Sounds fun, but I couldn't find any current eBay listings.

Why are numbers so comfortable?

quilted binary

Cody Trepte's hand-quilted binary blanket, Why are numbers so comfortable? [via rhizome] needs little explanation (except for the fact that the binary pattern actually represents the title of the quilt, unless you are actually a computer), but here's his statement on his binary work (which also includes binary needlepoints):

With only a one and zero, all information can be described in binary; it has become the universal language that connects both physical and technological spaces. Binary is so fundamental to our everyday lives, yet when seen out of context it appears abstract. While computers use binary as an efficient method for processing data, I am interested in the process of manually executing information, bit by bit, to explore the differences between human and technological expression. Each cross-stitched piece is the artifact of a performance of inefficiency, an attempt to hold onto the rapidly disappearing human hand in modern life. As each piece is stitched, a bizarre combination of new and old technologies is mixed together to form an image of information, the literal translation of the title into binary.

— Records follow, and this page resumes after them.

(* Let $\mathcal{S}$ be an addable abstract numeration system and let $X\subseteq\mathbb{N}^{\mathbb{N}}$ be a subshift (over a finite subset of $\mathbb{N}$ containing $0$) that is weakly $\mathcal{S}$-codable (resp. $\mathcal{S}$-codable). Let $Y\subseteq B^{\mathbb{N}}$ be a subshift over a finite alphabet $B$, let $\phi\colon Y\to X$ be a conjugacy, and let $b\in B$ with $b^\omega\in Y$ and $\phi(b^\omega)=0^\omega$. Then $Y$ is weakly $\mathcal{S}$-codable (resp. $\mathcal{S}$-codable) with zero symbol $b$, i.e. $\pi(Y)$ is weakly $\mathcal{S}$-codable (resp. $\mathcal{S}$-codable) for a bijection $\pi\colon B\to\{0,\dots,|B|-1\}$ with $\pi(b)=0$.
   Context: Subshifts are one-sided closed shift-invariant sets; a conjugacy is a shift-commuting homeomorphism (equivalently a bijective sliding block code). ANS: $\mathcal{S}=(L,\prec)$ with $L$ an infinite language and $\prec$ a total order of type $\omega$; $\mathrm{rep}(n)$ is the $n$-th word of $L$; tuples are represented by left-padding with a new symbol $\#$; $Z\subseteq\mathbb{N}^d$ is $\mathcal{S}$-recognizable if $\mathrm{rep}(Z)$ is regular; $\mathcal{S}$ is addable if $\{(x,y,x+y)\}$ is $\mathcal{S}$-recognizable. For $\mathbf{y}\in\mathbb{N}^{\mathbb{N}}$: $\sum\mathbf{y}=\sum_iy_i$; if finite, $\nu(\mathbf{y})$ is the unique nondecreasing $(n_1,\dots,n_d)$ with $y_j=|\{k:n_k=j\}|$. Coding dimension of $Z\subseteq\mathbb{N}^{\mathbb{N}}$: least $d$ bounding $\sum\mathbf{y}$ on $Z$, if it exists. $Z$ is weakly $\mathcal{S}$-codable if for every $k$, $\{\nu(\mathbf{y}):\mathbf{y}\in Z,\sum\mathbf{y}\le k\}$ is $\mathcal{S}$-recognizable in each dimension; $\mathcal{S}$-codable if moreover the coding dimension is finite. *)

From mathcomp Require Import all_boot.
Set Implicit Arguments. Unset Strict Implicit. Unset Printing Implicit Defensive.

Definition regular (S : finType) (L : seq S -> Prop) : Prop :=
  exists (Q : finType) (q0 : Q) (delta : Q -> S -> Q) (F : pred Q),
    forall w, L w <-> F (foldl delta q0 w).

(* ---------- Abstract numeration systems ----------
   An ANS (L, <) with L an infinite language over a finite alphabet and < a
   total order of type omega is given by its enumeration rep : nat -> seq S,
   rep n = the n-th word of L (an injection; L is its image, < is induced). *)
Record ANS := { ans_alph : finType;
                rep : nat -> seq ans_alph;
                rep_inj : injective rep }.

(* Representation of a d-tuple: left-pad every component with the new
   symbol # (= None) to the common (maximal) length, read componentwise. *)
Definition rep_tuple (S : ANS) (d : nat) (t : d.-tuple nat)
  : seq {ffun 'I_d -> option (ans_alph S)} :=
  let w i := rep S (tnth t i) in
  let m := \max_(i < d) size (w i) in
  mkseq (fun k => [ffun i => nth None (nseq (m - size (w i)) None ++ map Some (w i)) k]) m.

Definition recognizable (S : ANS) (d : nat) (Z : d.-tuple nat -> Prop) : Prop :=
  regular (fun w => exists t, Z t /\ w = rep_tuple S t).

Definition addable (S : ANS) : Prop :=
  recognizable S (fun t : 3.-tuple nat => nth 0 t 2 = nth 0 t 0 + nth 0 t 1).

Definition agree (A : Type) (n : nat) (x y : nat -> A) := forall i, i < n -> x i = y i.
Definition shift (A : Type) (x : nat -> A) : nat -> A := fun i => x i.+1.

(* closed in the product topology of discrete A^N *)
Definition closed_set (A : Type) (X : (nat -> A) -> Prop) :=
  forall x, (forall n, exists y, X y /\ agree n x y) -> X x.
Definition subshift (A : Type) (X : (nat -> A) -> Prop) :=
  closed_set X /\ forall x, X x -> X (shift x).

Definition continuous_on (A A' : Type) (X : (nat -> A) -> Prop)
  (f : (nat -> A) -> (nat -> A')) :=
  forall x, X x -> forall n, exists m, forall y, X y -> agree m x y -> agree n (f x) (f y).

Definition conjugacy (A A' : Type) (Y : (nat -> A) -> Prop) (X : (nat -> A') -> Prop)
  (phi : (nat -> A) -> (nat -> A')) :=
  [/\ (forall y, Y y -> X (phi y)),
      (forall y, Y y -> phi (shift y) =1 shift (phi y)),
      continuous_on Y phi &
      exists psi : (nat -> A') -> (nat -> A),
        [/\ (forall x, X x -> Y (psi x)),
            (forall y, Y y -> psi (phi y) =1 y),
            (forall x, X x -> phi (psi x) =1 x) &
            continuous_on X psi]].

Definition ysum (y : nat -> nat) (s : nat) : Prop :=
  exists N, (forall j, N <= j -> y j = 0) /\ \sum_(j < N) y j = s.

(* nu(y) = t : the unique nondecreasing tuple with y_j = #{k | t_k = j} *)
Definition is_nu (y : nat -> nat) (d : nat) (t : d.-tuple nat) : Prop :=
  sorted leq t /\ forall j, y j = count_mem j t.

Definition weakly_codable (S : ANS) (Z : (nat -> nat) -> Prop) : Prop :=
  forall k d, recognizable S
    (fun t : d.-tuple nat => exists y, [/\ Z y, (exists s, s <= k /\ ysum y s) & is_nu y t]).

Definition finite_coding_dim (Z : (nat -> nat) -> Prop) : Prop :=
  exists d, forall y, Z y -> exists s, s <= d /\ ysum y s.

Definition codable (S : ANS) (Z : (nat -> nat) -> Prop) : Prop :=
  weakly_codable S Z /\ finite_coding_dim Z.

Definition relabel (B : finType) (pi : B -> 'I_#|B|) (Y : (nat -> B) -> Prop)
  : (nat -> nat) -> Prop :=
  fun x => exists y, Y y /\ forall i, x i = val (pi (y i)).

(* Let psi be the inverse of the conjugacy phi : Y -> X.  By compactness, phi
   and psi are sliding block codes with windows r and s.  Since phi maps b^omega
   to 0^omega, a point y of Y with finitely many letters different from b is
   mapped to a point x = phi y of X whose support and sum are bounded in terms
   of those of y, and conversely through psi; this transfers the finite coding
   dimension.  For weak codability, the coding tuple nu(pi y) is obtained from
   nu(x) by the rule "the multiplicity of q in nu(pi y) is F applied to the
   multiplicities of q, q+1, ..., q+s in nu(x)", F being the local rule of
   pi o psi.  This relation is first-order definable from addition and from the
   recognizable coding sets of X, and first-order definable sets are
   recognizable when S is addable. *)

From mathcomp Require Import all_boot zify.
From Stdlib Require Import Classical ClassicalEpsilon.
Set Implicit Arguments. Unset Strict Implicit. Unset Printing Implicit Defensive.

Lemma not_and_not (P Q : Prop) : ~ (~ P /\ ~ Q) <-> P \/ Q.
Proof.
split=> [h|[hp|hq] [] //]; apply: NNPP => hn.
by apply: h; split=> [hp|hq]; apply: hn; [left|right].
Qed.

Section RegularLanguages.
Variable T : finType.
Implicit Types (L : seq T -> Prop) (w : seq T).

Lemma regular_ext L L' : (forall w, L w <-> L' w) -> regular L -> regular L'.
Proof.
move=> E [Q [q0 [d [F H]]]]; exists Q, q0, d, F => w; rewrite -E; exact: H.
Qed.

Lemma regular_true : regular (fun _ : seq T => True).
Proof. by exists unit, tt, (fun _ _ => tt), (fun _ => true). Qed.

Lemma regular_and L1 L2 : regular L1 -> regular L2 -> regular (fun w => L1 w /\ L2 w).
Proof.
move=> [Q1 [q1 [d1 [F1 H1]]]] [Q2 [q2 [d2 [F2 H2]]]].
pose d (q : Q1 * Q2) c := (d1 q.1 c, d2 q.2 c).
exists (Q1 * Q2)%type, (q1, q2), d, (fun q => F1 q.1 && F2 q.2) => w.
have -> : foldl d (q1, q2) w = (foldl d1 q1 w, foldl d2 q2 w).
  by elim: w q1 q2 {H1 H2} => //= c w IH q1 q2; exact: IH.
rewrite H1 H2 /=; split; [by case=> -> ->| by move/andP].
Qed.

Lemma regular_not L : regular L -> regular (fun w => ~ L w).
Proof.
move=> [Q [q0 [d [F H]]]]; exists Q, q0, d, (fun q => ~~ F q) => w /=.
by rewrite H; split => /negP.
Qed.

Lemma regular_all (I : eqType) (L : I -> seq T -> Prop) (s : seq I) :
  (forall i, regular (L i)) -> regular (fun w => forall i, i \in s -> L i w).
Proof.
move=> hL; elim: s => [|i s IH].
  by apply: regular_ext regular_true => w; split.
apply: regular_ext (regular_and (hL i) IH) => w; split.
  by case=> hi hs j; rewrite inE => /predU1P [->|/hs].
by move=> h; split=> [|j hj]; apply: h; rewrite inE ?eqxx ?hj ?orbT.
Qed.

Lemma regular_head (p : pred T) : regular (fun w => is_true (if w is c :: _ then p c else true)).
Proof.
pose d (q : option bool) c := if q is None then Some (p c) else q.
exists (option bool), None, d, (fun q => q != Some false) => -[|c w] //=.
suff -> : forall q, foldl d (Some q) w = Some q by case: (p c).
by elim: w => //.
Qed.

Lemma regular_sorted (r : rel T) : regular (sorted r).
Proof.
pose d (q : option (option T)) c :=
  if q is Some o then (if o is Some a then (if r a c then Some (Some c) else None)
                       else Some (Some c)) else None.
have dead w : foldl d None w = None by elim: w.
have run a w : foldl d (Some (Some a)) w = if path r a w then Some (Some (last a w)) else None.
  elim: w a => //= c w IH a; case: (r a c) => //=; exact: dead.
exists (option (option T)), (Some None), d, (fun q => q != None) => -[|c w] //=.
by rewrite run; case: path.
Qed.

(* Inverse image under a letter-to-(optional)-letter map; this covers letter
   renaming (f := Some \o g) as well as deletion of letters. *)
Lemma regular_pmap (T' : finType) (f : T' -> option T) L :
  regular L -> regular (fun w' : seq T' => L (pmap f w')).
Proof.
move=> [Q [q0 [d [F H]]]].
pose d' q c := if f c is Some x then d q x else q.
exists Q, q0, d', F => w'; rewrite H.
suff -> : forall q, foldl d' q w' = foldl d q (pmap f w') by [].
by elim: w' => //= c w' IH q; rewrite /d'; case: (f c).
Qed.

Lemma regular_map (T' : finType) (f : T' -> T) L :
  regular L -> regular (fun w' : seq T' => L (map f w')).
Proof.
move=> [Q [q0 [d [F H]]]].
exists Q, q0, (fun q c => d q (f c)), F => w'; rewrite H.
by elim: w' q0 {H} => //= c w' IH q; rewrite IH.
Qed.

Lemma regular_proj (T' : finType) (h : T' -> T) (L : seq T' -> Prop) :
  regular L -> regular (fun w => exists u, map h u = w /\ L u).
Proof.
move=> [Q [q0 [d [F H]]]].
pose step (P : {set Q}) c := [set d q c' | q in P, c' in [pred c' | h c' == c]].
have reach w P q : q \in foldl step P w <->
    exists2 q1, q1 \in P & exists u, map h u = w /\ q = foldl d q1 u.
  elim: w P => [|c w IH] P /=.
    split=> [hq|[q1 hq1 [u [hu ->]]]]; first by exists q => //; exists [::].
    by case: u hu.
  rewrite IH; split.
    case=> q1 /imset2P [q2 c' hq2]; rewrite inE => /eqP hc -> [u [hw ->]].
    by exists q2 => //; exists (c' :: u); rewrite /= hc hw.
  case=> q1 hq1 [[|c' u] [//= [hc hw] ->]].
  exists (d q1 c'); last by exists u.
  by apply/imset2P; exists q1 c' => //; rewrite inE hc.
exists ({set Q}), [set q0], step,
  (fun P : {set Q} => [exists q in P, F q]) => w; split.
  case=> u [hw /H hF]; apply/existsP; exists (foldl d q0 u); rewrite hF andbT.
  by apply/reach; exists q0; rewrite ?set11 //; exists u.
case/existsP=> q /andP [/reach [q1] /set1P -> [u [hw ->]] hF].
by exists u; split => //; exact/H.
Qed.

Lemma regular_padleft (c : T) L : regular L -> regular (fun w => exists k, L (nseq k c ++ w)).
Proof.
move=> [Q [q0 [d [F H]]]].
have run_nseq k q : foldl d q (nseq k c) = iter k (d^~ c) q.
  by elim: k q => // k IH q; rewrite iterSr -IH.
pose I := [set q | fconnect (d^~ c) q0 q].
pose step (P : {set Q}) c' := [set d q c' | q in P].
have run_set w (P : {set Q}) : foldl step P w = [set foldl d q w | q in P].
  elim: w P => [|c' w IH] P /=; last by rewrite IH -imset_comp.
  by rewrite imset_id.
exists ({set Q}), I, step,
  (fun P : {set Q} => [exists q in P, F q]) => w; rewrite run_set; split.
  case=> k /H; rewrite foldl_cat run_nseq => hF; apply/existsP.
  exists (foldl d (iter k (d^~ c) q0) w); rewrite hF andbT.
  by apply: imset_f; rewrite inE fconnect_iter.
case/existsP=> _ /andP [/imsetP [q hq ->] hF].
move: hq; rewrite inE => /iter_findex hq.
by exists (findex (d^~ c) q0 q); apply/H; rewrite foldl_cat run_nseq hq.
Qed.

End RegularLanguages.

Section PaddedWords.
Variable T : Type.

Lemma pmap_padded k (u : seq T) : pmap id (nseq k None ++ map Some u) = u.
Proof. by elim: k => [|k IH] //=; elim: u => //= a u ->. Qed.

Lemma padded_shape (v : seq (option T)) :
  sorted implb (map isSome v) <-> exists k u, v = nseq k None ++ map Some u.
Proof.
split.
  elim: v => [|[a|] v IH] /= hs; first by exists 0, [::].
    exists 0, (a :: pmap id v); congr (_ :: _).
    by elim: v hs {IH} => //= -[b|] v IH //= hs; rewrite -IH.
  by have [k [u ->]] := IH (path_sorted hs); exists k.+1, u.
case=> k [u ->]; elim: k => [|k IH] /=; last by case: (_ ++ _) IH.
by elim: u => //= a u; case: u.
Qed.

End PaddedWords.

(* Letters of encodings of n-tuples: one optional symbol (None = #) per component. *)
Notation letter S n := {ffun 'I_n -> option (ans_alph S)}.

Section Encoding.
Variable S : ANS.
Local Notation A := (ans_alph S).

Definition blank n : letter S n := [ffun _ => None].
Definition nonblank n (c : letter S n) := [exists i, c i != None].
Definition starts_nonblank n (w : seq (letter S n)) :=
  if w is c :: _ then nonblank c else true.

Definition track n (i : 'I_n) (w : seq (letter S n)) := map (fun c : letter S n => c i) w.
Definition word_of n (t : n.-tuple nat) (i : 'I_n) := rep S (tnth t i).
Definition enc_len n (t : n.-tuple nat) := \max_(i < n) size (word_of t i).

Definition padded (M : nat) (u : seq A) (k : nat) : option A :=
  if k < M - size u then None else nth None (map Some u) (k - (M - size u)).

Lemma rep_tupleE n (t : n.-tuple nat) :
  rep_tuple S t = mkseq (fun k => [ffun i => padded (enc_len t) (word_of t i) k]) (enc_len t).
Proof.
rewrite /rep_tuple; apply: eq_mkseq => k; apply/ffunP => i; rewrite !ffunE.
rewrite nth_cat size_nseq /padded; case: ifP => // h; by rewrite nth_nseq h.
Qed.

Lemma size_rep_tuple n (t : n.-tuple nat) : size (rep_tuple S t) = enc_len t.
Proof. by rewrite rep_tupleE size_mkseq. Qed.

Lemma nth_rep_tuple n (t : n.-tuple nat) k : k < enc_len t ->
  nth (blank n) (rep_tuple S t) k = [ffun i => padded (enc_len t) (word_of t i) k].
Proof. by move=> h; rewrite rep_tupleE nth_mkseq. Qed.

Lemma size_word_of n (t : n.-tuple nat) i : size (word_of t i) <= enc_len t.
Proof. exact: (@leq_bigmax _ (fun i => size (word_of t i)) i). Qed.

Encyclopedia of Radio Waves

bluetooth drawing from the encyclopedia of radio waves

Encyclopedia of Radio Waves [via information aesthetics] is a book of fanciful drawings by Ingeborg Marie Dehs Thomas of radio technologies (Bluetooth, DMB, GSM, RFID, Wifi, and Zigbee, to be exact) represented biologically. Pictured above is the drawing of Bluetooth from her book.

Ingeorg created the project for Timo Arnall's research project, called Touch, which "investigates Near Field Communication (NFC), a technology that enables connections between mobile phones and physical things."

Timo refers to the book as resembling "an age-old dusty guide to flora and fauna," but I think these drawings look more like microorganisms. At any rate, I love the latin names she gave her radio "species":

Bluetooth: Nevrotis Dentus Aquarae
DMB: Spherum Elektrum Multanum
GSM: Spherum Magnea Globalum
RFID: Raptus Arphadus
Wifi: Videus Fidelus
Zigbee: Nevrotis

data.tron

datatron prototype

I admit, after reading the installation description, I have no earthly idea what data.tron [via rhizome] actually is, but all those numbers look awesome in a sort of monolith-from-2001: A Space Odyssey way, no?

Here's the explanation, such as it is:

How many points are there in a line?
What is the number of numbers?
How can we verify that the random is random?

data.tron and data.film are parts of the datamatics project, which is a series of experiments that explore such questions, physically and mathematically. Visitors will experience the vast universe of data in the infinite between 0 and 1.

data.tron is an audiovisual installation, where each single pixel of visual image is strictly calculated by mathematical principle, composed from a combination of pure mathematics and the vast sea of data present in the world. These images are projected onto a large screen, heightening and intensifying the viewer’s perception and total immersion within the work.